(* Let $\mathcal{R}=(\mathcal{F},R)$ be a 3-DCTRS. If $\mathcal{R}$ is terminating, the transformation $\mathcal{U}$ preserves $\to_{\mathcal{R}}$-irreducibility of $\mathcal{R}$, and the TRS $\mathcal{U}(\mathcal{R})$ is confluent, then $\mathcal{R}$ is confluent.
   Context: An oriented CTRS $\mathcal{R}=(\mathcal{F},R)$ has rules $\ell\to r\Leftarrow s_1\approx t_1,\dots,s_n\approx t_n$ ($\ell$ not a variable, $n\ge 0$) where conditions are reachability tests: $s\to_{\mathcal{R}}t$ iff there are a rule, a position $p$ of $s$ and a substitution $\sigma$ with $s|_p=\sigma(\ell)$, $\sigma(s_j)\to^*_{\mathcal{R}}\sigma(t_j)$ for all $j$, and $t=s[\sigma(r)]_p$ (least such relation). It is deterministic (a DCTRS) if for each rule and each $1\le i\le n$, $\mathrm{Var}(s_i)\subseteq\mathrm{Var}(\ell)\cup\bigcup_{j=1}^{i-1}\mathrm{Var}(t_j)$; it is a 3-CTRS if for each rule $\mathrm{Var}(r)\subseteq\mathrm{Var}(\ell)\cup\bigcup_j(\mathrm{Var}(s_j)\cup\mathrm{Var}(t_j))$. $\mathcal{R}$ is terminating if there is no infinite $\to_{\mathcal{R}}$-sequence, and confluent if any two $\to^*_{\mathcal{R}}$-reducts of a common term have a common $\to^*_{\mathcal{R}}$-reduct. Transformation $\mathcal{U}$: each conditional rule $\alpha:\ell\to r\Leftarrow s_1\approx t_1,\dots,s_n\approx t_n$ ($n\ge1$) is replaced by the unconditional rules $\ell\to U^\alpha_1(s_1,\vec x_1)$, $U^\alpha_{i-1}(t_{i-1},\vec x_{i-1})\to U^\alpha_i(s_i,\vec x_i)$ for $2\le i\le n$, and $U^\alpha_n(t_n,\vec x_n)\to r$, where the $U^\alpha_i$ are fresh function symbols and $\vec x_i$ is a sequence of the variables in $\mathrm{Var}(\ell)\cup\mathrm{Var}(t_1)\cup\dots\cup\mathrm{Var}(t_{i-1})$; unconditional rules are kept. $\mathcal{U}(\mathcal{R})=(\mathcal{U}(\mathcal{F}),\mathcal{U}(R))$ is the resulting TRS over $\mathcal{F}$ extended with the new symbols. $\mathcal{U}$ preserves $\to_{\mathcal{R}}$-irreducibility if every term $t$ over $\mathcal{F}$ and variables that is $\to_{\mathcal{R}}$-irreducible is also $\to_{\mathcal{U}(\mathcal{R})}$-irreducible. *)

From Stdlib Require Import List Arith PeanoNat.
Import ListNotations.
Set Implicit Arguments.

Inductive term (Sg : Type) : Type :=
| Var : nat -> term Sg
| Fun : Sg -> list (term Sg) -> term Sg.
Arguments Var {Sg} _.
Arguments Fun {Sg} _ _.

Inductive wf (Sg : Type) (ok : Sg -> nat -> Prop) : term Sg -> Prop :=
| wf_var : forall x, wf ok (Var x)
| wf_fun : forall f ts, ok f (length ts) -> (forall t, In t ts -> wf ok t) -> wf ok (Fun f ts).

Fixpoint vars (Sg : Type) (t : term Sg) : list nat :=
  match t with
  | Var x => [x]
  | Fun _ ts => (fix go (l : list (term Sg)) : list nat :=
                   match l with [] => [] | u :: l' => vars u ++ go l' end) ts
  end.

Fixpoint subst (Sg : Type) (sigma : nat -> term Sg) (t : term Sg) : term Sg :=
  match t with
  | Var x => sigma x
  | Fun f ts => Fun f (map (subst sigma) ts)
  end.

Fixpoint map_term (Sg S' : Type) (h : Sg -> S') (t : term Sg) : term S' :=
  match t with
  | Var x => Var x
  | Fun f ts => Fun (h f) (map (map_term h) ts)
  end.

Record crule (Sg : Type) : Type := mkRule {
  lhs : term Sg; rhs : term Sg; conds : list (term Sg * term Sg) }.
Arguments mkRule {Sg} _ _ _.

Inductive rtc (A : Type) (r : A -> A -> Prop) : A -> A -> Prop :=
| rtc_refl : forall x, rtc r x x
| rtc_step : forall x y z, r x y -> rtc r y z -> rtc r x z.

Inductive step (Sg : Type) (ok : Sg -> nat -> Prop) (R : crule Sg -> Prop)
  : term Sg -> term Sg -> Prop :=
| step_root : forall rho sigma,
    R rho -> (forall x, wf ok (sigma x)) ->
    (forall c, In c (conds rho) -> rtc (step ok R) (subst sigma (fst c)) (subst sigma (snd c))) ->
    step ok R (subst sigma (lhs rho)) (subst sigma (rhs rho))
| step_ctx : forall f l1 s t l2,
    step ok R s t -> step ok R (Fun f (l1 ++ s :: l2)) (Fun f (l1 ++ t :: l2)).

Definition terminating (Sg : Type) (ok : Sg -> nat -> Prop) (R : crule Sg -> Prop) : Prop :=
  ~ exists g : nat -> term Sg, wf ok (g 0) /\ forall n, step ok R (g n) (g (S n)).

Definition confluent (Sg : Type) (ok : Sg -> nat -> Prop) (R : crule Sg -> Prop) : Prop :=
  forall s t u, wf ok s -> rtc (step ok R) s t -> rtc (step ok R) s u ->
  exists v, rtc (step ok R) t v /\ rtc (step ok R) u v.
Lemma m_config_shift H q c : m_config H q -> m_config H (fun n => q (n + c)%Z).
Proof.
  intros Hq M N HMN.
  destruct (Hq (M + c)%Z (N + c)%Z ltac:(lia)) as [eps [Heps Hmax]].
  exists eps; split; [exact Heps|]. intros x HxM HxN Hx.
  set (y := fun n => x (n - c)%Z).
  assert (Exy : forall n, x n = y (n + c)%Z) by (intros n; unfold y; f_equal; lia).
  rewrite !(seg_sum_shift H _ _ c M _ Exy), (seg_sum_shift H _ q c M _ (fun n => eq_refl)).
  replace (N - M)%Z with (N + c - (M + c))%Z by lia.
  apply Hmax; rewrite <- ?Exy; auto.
  intros i Hi. replace i with (i - c + c)%Z by lia. rewrite <- Exy. apply Hx. lia.
Qed.

Lemma uniform_radius (Q : Z -> R -> Prop) (M N : Z) :
  (forall k d d', 0 < d' <= d -> Q k d -> Q k d') ->
  (forall k, (M <= k <= N)%Z -> exists d, 0 < d /\ Q k d) ->
  exists d, 0 < d /\ forall k, (M <= k <= N)%Z -> Q k d.
Proof.
  intros Hmono. destruct (Z_lt_le_dec N M) as [HNM|HMN].
  { intros _. exists 1. split; [lra | intros k Hk; lia]. }
  replace N with (M + Z.of_nat (Z.to_nat (N - M)))%Z by lia.
  induction (Z.to_nat (N - M)) as [|k IH]; intros Hk.
  - destruct (Hk M ltac:(lia)) as [d [Hd HQ]].
    exists d. split; [exact Hd|]. intros k Hk'. replace k with M by lia. exact HQ.
  - destruct IH as [d0 [Hd0 H0]]; [intros j Hj; apply Hk; lia|].
    destruct (Hk (M + Z.of_nat (S k))%Z ltac:(lia)) as [d1 [Hd1 H1]].
    exists (Rmin d0 d1). split; [apply Rmin_pos; assumption|].
    intros j Hj. destruct (Z.eq_dec j (M + Z.of_nat (S k))) as [->|Hne].
    + apply (Hmono _ d1); [split; [apply Rmin_pos|apply Rmin_r]|]; assumption.
    + apply (Hmono _ d0); [split; [apply Rmin_pos|apply Rmin_l]|apply H0; lia]; assumption.
Qed.

Fixpoint sum_from (A : Z -> R) (m : Z) (k : nat) : R :=
  match k with O => 0 | S k => A m + sum_from A (m + 1)%Z k end.

Lemma sum_from_snoc A m k : sum_from A m (S k) = sum_from A m k + A (m + Z.of_nat k)%Z.
Proof.
  revert m; induction k as [|k IH]; intros m.
  - cbn. rewrite Z.add_0_r. ring.
  - change (sum_from A m (S (S k))) with (A m + sum_from A (m + 1) (S k)).
    change (sum_from A m (S k)) with (A m + sum_from A (m + 1) k).
    rewrite IH. replace (m + Z.of_nat (S k))%Z with (m + 1 + Z.of_nat k)%Z by lia. ring.
Qed.

Lemma Z_primitive (A : Z -> R) (x0 : R) :
  exists f : Z -> R, f 0%Z = x0 /\ forall n, f (n + 1)%Z = f n + A n.
Proof.
  exists (fun n => if Z_le_dec 0 n then x0 + sum_from A 0 (Z.to_nat n)
                   else x0 - sum_from A n (Z.to_nat (- n))).
  split; [cbn; ring|]. intros n; cbv beta.
  destruct (Z_le_dec 0 (n + 1)), (Z_le_dec 0 n); try lia.
  - rewrite Z2Nat.inj_add, Nat.add_1_r, sum_from_snoc, Z2Nat.id by lia. rewrite Z.add_0_l. ring.
  - replace (Z.to_nat (n + 1)) with O by lia. replace (Z.to_nat (- n)) with 1%nat by lia.
    cbn [sum_from]. ring.
  - replace (Z.to_nat (- n)) with (S (Z.to_nat (- (n + 1)))) by lia. cbn [sum_from]. ring.
Qed.

Lemma Z_ind_from0 (Pr : Z -> Prop) :
  Pr 0%Z -> (forall n, Pr n <-> Pr (n + 1)%Z) -> forall n, Pr n.
Proof. intros H0 HS. apply Z.bi_induction; [intros ? ? ->; reflexivity|exact H0|exact HS]. Qed.

Section Calibration.
Variables (Ha Hb W : R -> R -> R).

Lemma seg_sum_calibrated_le (x s : Z -> R) M k :
  (forall n, (M <= n < M + Z.of_nat k)%Z ->
     Ha (x n) (x (n + 1)%Z) = W (s (n + 1)%Z) (x n) - W (s (n + 1)%Z) (x (n + 1)%Z)) ->
  (forall n, (M <= n <= M + Z.of_nat k)%Z ->
     W (s (n + 1)%Z) (x n) - W (s n) (x n) <= Hb (s n) (s (n + 1)%Z)) ->
  seg_sum Ha x M k <=
    seg_sum Hb s M (S k) + W (s M) (x M) - W (s (M + Z.of_nat k + 1)%Z) (x (M + Z.of_nat k)%Z).
Proof.
  revert M; induction k as [|k IH]; intros M Ea Eb; cbn [seg_sum].
  - specialize (Eb M ltac:(lia)). rewrite Z.add_0_r. lra.
  - specialize (IH (M + 1)%Z (fun n Hn => Ea n ltac:(lia)) (fun n Hn => Eb n ltac:(lia))).
    cbn [seg_sum] in IH. replace (M + 1 + Z.of_nat k)%Z with (M + Z.of_nat (S k))%Z in IH by lia.
    specialize (Ea M ltac:(lia)); specialize (Eb M ltac:(lia)). lra.
Qed.

Lemma seg_sum_calibrated (x s : Z -> R) M k :
  (forall n, (M <= n < M + Z.of_nat k)%Z ->
     Ha (x n) (x (n + 1)%Z) = W (s (n + 1)%Z) (x n) - W (s (n + 1)%Z) (x (n + 1)%Z)) ->
  (forall n, (M <= n <= M + Z.of_nat k)%Z ->
     Hb (s n) (s (n + 1)%Z) = W (s (n + 1)%Z) (x n) - W (s n) (x n)) ->
  seg_sum Ha x M k =
    seg_sum Hb s M (S k) + W (s M) (x M) - W (s (M + Z.of_nat k + 1)%Z) (x (M + Z.of_nat k)%Z).
Proof.
  revert M; induction k as [|k IH]; intros M Ea Eb; cbn [seg_sum].
  - specialize (Eb M ltac:(lia)). rewrite Z.add_0_r. lra.
  - specialize (IH (M + 1)%Z (fun n Hn => Ea n ltac:(lia)) (fun n Hn => Eb n ltac:(lia))).
    cbn [seg_sum] in IH. replace (M + 1 + Z.of_nat k)%Z with (M + Z.of_nat (S k))%Z in IH by lia.
    specialize (Ea M ltac:(lia)); specialize (Eb M ltac:(lia)). lra.
Qed.

Lemma calibrating_points_exist (a b x : Z -> R) M N eps del : 0 < eps ->
  (forall k, (M <= k < N)%Z -> forall y y', Rabs (y - a k) < del -> Rabs (y' - a (k + 1)%Z) < del ->
     exists s, Rabs (s - b (k + 1)%Z) < eps /\ Ha y y' = W s y - W s y') ->
  (forall i, (M <= i <= N)%Z -> Rabs (x i - a i) < del) ->
  exists s : Z -> R, s M = b M /\ s (N + 1)%Z = b (N + 1)%Z /\
    (forall i, (M <= i <= N + 1)%Z -> Rabs (s i - b i) < eps) /\
    (forall n, (M <= n < N)%Z ->
       Ha (x n) (x (n + 1)%Z) = W (s (n + 1)%Z) (x n) - W (s (n + 1)%Z) (x (n + 1)%Z)).
Proof.
  intros Heps Hstab Hx.
  destruct (functional_choice (fun n s' =>
    ((M < n <= N)%Z -> Rabs (s' - b n) < eps /\
        Ha (x (n - 1)%Z) (x n) = W s' (x (n - 1)%Z) - W s' (x n)) /\
    (~ (M < n <= N)%Z -> s' = b n))) as [s Hs].
  { intros n. destruct (Z_lt_le_dec M n); [destruct (Z_le_gt_dec n N)|].
    - replace n with (n - 1 + 1)%Z at 1 3 4 by lia.
      destruct (Hstab (n - 1)%Z ltac:(lia) (x (n - 1)%Z) (x (n - 1 + 1)%Z)) as [s' Hs'];
        [apply Hx; lia .. |].
      replace (n - 1 + 1)%Z with n in Hs' by lia.
      exists s'. split; [intros _; exact Hs'|intros; lia].
    - exists (b n). split; [intros; lia|reflexivity].
    - exists (b n). split; [intros; lia|reflexivity]. }
  exists s. split; [|split; [|split]].
  - apply (proj2 (Hs M)). lia.
  - apply (proj2 (Hs (N + 1)%Z)). lia.
  - intros i Hi. destruct (Z_lt_le_dec M i); [destruct (Z_le_gt_dec i N)|].
    + apply (proj1 (Hs i)). lia.
    + rewrite (proj2 (Hs i)), Rminus_diag, Rabs_R0 by lia. exact Heps.
    + rewrite (proj2 (Hs i)), Rminus_diag, Rabs_R0 by lia. exact Heps.
  - intros n Hn. destruct (proj1 (Hs (n + 1)%Z) ltac:(lia)) as [_ E].
    rewrite Z.add_simpl_r in E. exact E.
Qed.
Lemma has_sum_of_abs_le f g lg :
  (forall k, Rabs (f k) <= g k) -> has_sum g lg -> exists l, has_sum f l /\ Rabs l <= lg.
Proof.
  intros Hfg Hg.
  assert (Habs : {l | has_sum (fun k => Rabs (f k)) l}).
  { apply (Rseries_CV_comp _ g); [|now exists lg].
    intros k. split; [apply Rabs_pos | apply Hfg]. }
  destruct (cv_cauchy_2 _ (cauchy_abs _ (cv_cauchy_1 _ Habs))) as [l Hl].
  exists l. split; [exact Hl|].
  exact (sum_cv_maj g (fun k _ => f k) 0 l lg Hl Hg Hfg).
Qed.

Lemma geometric_has_sum M r : 0 <= r < 1 -> has_sum (fun k => M * r ^ k) (M / (1 - r)).
Proof.
  intros hr. apply has_sum_scal.
  apply (has_sum_ext (fun k => 1 * r ^ k)); [intros; ring|].
  apply GP_infinite. rewrite Rabs_right; lra.
Qed.

Lemma exp_has_sum x : has_sum (fun k => x ^ k / INR (fact k)) (exp x).
Proof.
  unfold exp. destruct (exist_exp x) as [l Hl]. simpl.
  apply (has_sum_ext (fun k => / INR (fact k) * x ^ k)); [intros; unfold Rdiv; ring|].
  exact Hl.
Qed.

Lemma sum_shift_le (g : nat -> R) i L :
  (forall k, 0 <= g k) -> sum_f_R0 (fun l => g (i + l)%nat) L <= sum_f_R0 g (i + L).
Proof.
  intros Hg. induction L as [|L IH].
  - rewrite Nat.add_0_r. destruct i as [|i]; [simpl; lra|].
    rewrite tech5. simpl. rewrite Nat.add_0_r. pose proof (cond_pos_sum g i Hg). lra.
  - rewrite tech5, Nat.add_succ_r, tech5. lra.
Qed.

Lemma has_sum_term_le f l n : has_sum f l -> (forall k, 0 <= f k) -> f n <= l.
Proof.
  intros H Hf. eapply Rle_trans; [|exact (sum_incr f n l H Hf)].
  destruct n as [|n]; [simpl; lra|].
  rewrite tech5. pose proof (cond_pos_sum f n Hf). lra.
Qed.

(** * Poisson weights *)

Definition poisson (mu : R) (j : nat) : R := exp (- mu) * mu ^ j / INR (fact j).

Lemma poisson_nonneg mu j : 0 <= mu -> 0 <= poisson mu j.
Proof.
  intros h. unfold poisson. pose proof (exp_pos (- mu)). pose proof (INR_fact_lt_0 j).
  apply Rmult_le_pos; [apply Rmult_le_pos; [lra | now apply pow_le]|].
  left. now apply Rinv_0_lt_compat.
Qed.

Lemma poisson_has_sum mu : has_sum (poisson mu) 1.
Proof.
  rewrite <- exp_0, <- (Rplus_opp_l mu), exp_plus.
  apply (has_sum_ext (fun k => exp (- mu) * (mu ^ k / INR (fact k)))).
  - intros k. unfold poisson, Rdiv. ring.
  - apply has_sum_scal, exp_has_sum.
Qed.

Lemma poisson_window_sum_le1 mu i L :
  0 <= mu -> sum_f_R0 (fun l => poisson mu (i + l)) L <= 1.
Proof.
  intros h. eapply Rle_trans; [apply sum_shift_le; intros; now apply poisson_nonneg|].
  apply sum_incr; [apply poisson_has_sum | intros; now apply poisson_nonneg].
Qed.

Lemma poisson_le1 mu j : 0 <= mu -> poisson mu j <= 1.
Proof.
  intros h. pose proof (poisson_window_sum_le1 mu j 0 h) as H.
  simpl in H. now rewrite Nat.add_0_r in H.
Qed.

Lemma poisson_succ mu j : poisson mu (S j) = poisson mu j * mu / INR (S j).
Proof.
  unfold poisson. rewrite fact_simpl, mult_INR, <- tech_pow_Rmult.
  pose proof (INR_fact_neq_0 j). pose proof (not_0_INR (S j) (Nat.neq_succ_0 j)).
  field. auto.
Qed.

Lemma poisson_le_succ mu j : 0 <= mu -> INR (S j) <= mu -> poisson mu j <= poisson mu (S j).
Proof.
  intros h hj. rewrite poisson_succ. pose proof (poisson_nonneg mu j h).
  pose proof (lt_0_INR (S j) (Nat.lt_0_succ j)).
  unfold Rdiv. rewrite Rmult_assoc. rewrite <- (Rmult_1_r (poisson mu j)) at 1.
  apply Rmult_le_compat_l; [lra|].
  apply (Rmult_le_reg_r (INR (S j))); [lra|]. rewrite Rmult_assoc, Rinv_l; lra.
Qed.

Lemma poisson_succ_le mu j : 0 <= mu -> mu <= INR (S j) -> poisson mu (S j) <= poisson mu j.
Proof.
  intros h hj. rewrite poisson_succ. pose proof (poisson_nonneg mu j h).
  pose proof (lt_0_INR (S j) (Nat.lt_0_succ j)).
  unfold Rdiv. rewrite Rmult_assoc. rewrite <- (Rmult_1_r (poisson mu j)) at 2.
  apply Rmult_le_compat_l; [lra|].
  apply (Rmult_le_reg_r (INR (S j))); [lra|]. rewrite Rmult_assoc, Rinv_l; lra.
Qed.

Lemma poisson_tilt lam rho j :
  poisson lam j * rho ^ j = exp (lam * (rho - 1)) * poisson (lam * rho) j.
Proof.
  unfold poisson. rewrite Rpow_mult_distr.
  replace (exp (- lam)) with (exp (lam * (rho - 1)) * exp (- (lam * rho)))
    by (rewrite <- exp_plus; f_equal; ring).
  field. apply INR_fact_neq_0.
Qed.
***
**What is expected**
Go through the data and return each line where the word "crule" appears.

**Solution**
Record crule (Sg : Type) : Type := mkRule {
Inductive step (Sg : Type) (ok : Sg -> nat -> Prop) (R : crule Sg -> Prop)
Definition terminating (Sg : Type) (ok : Sg -> nat -> Prop) (R : crule Sg -> Prop) : Prop :=
Definition confluent (Sg : Type) (ok : Sg -> nat -> Prop) (R : crule Sg -> Prop) : Prop :=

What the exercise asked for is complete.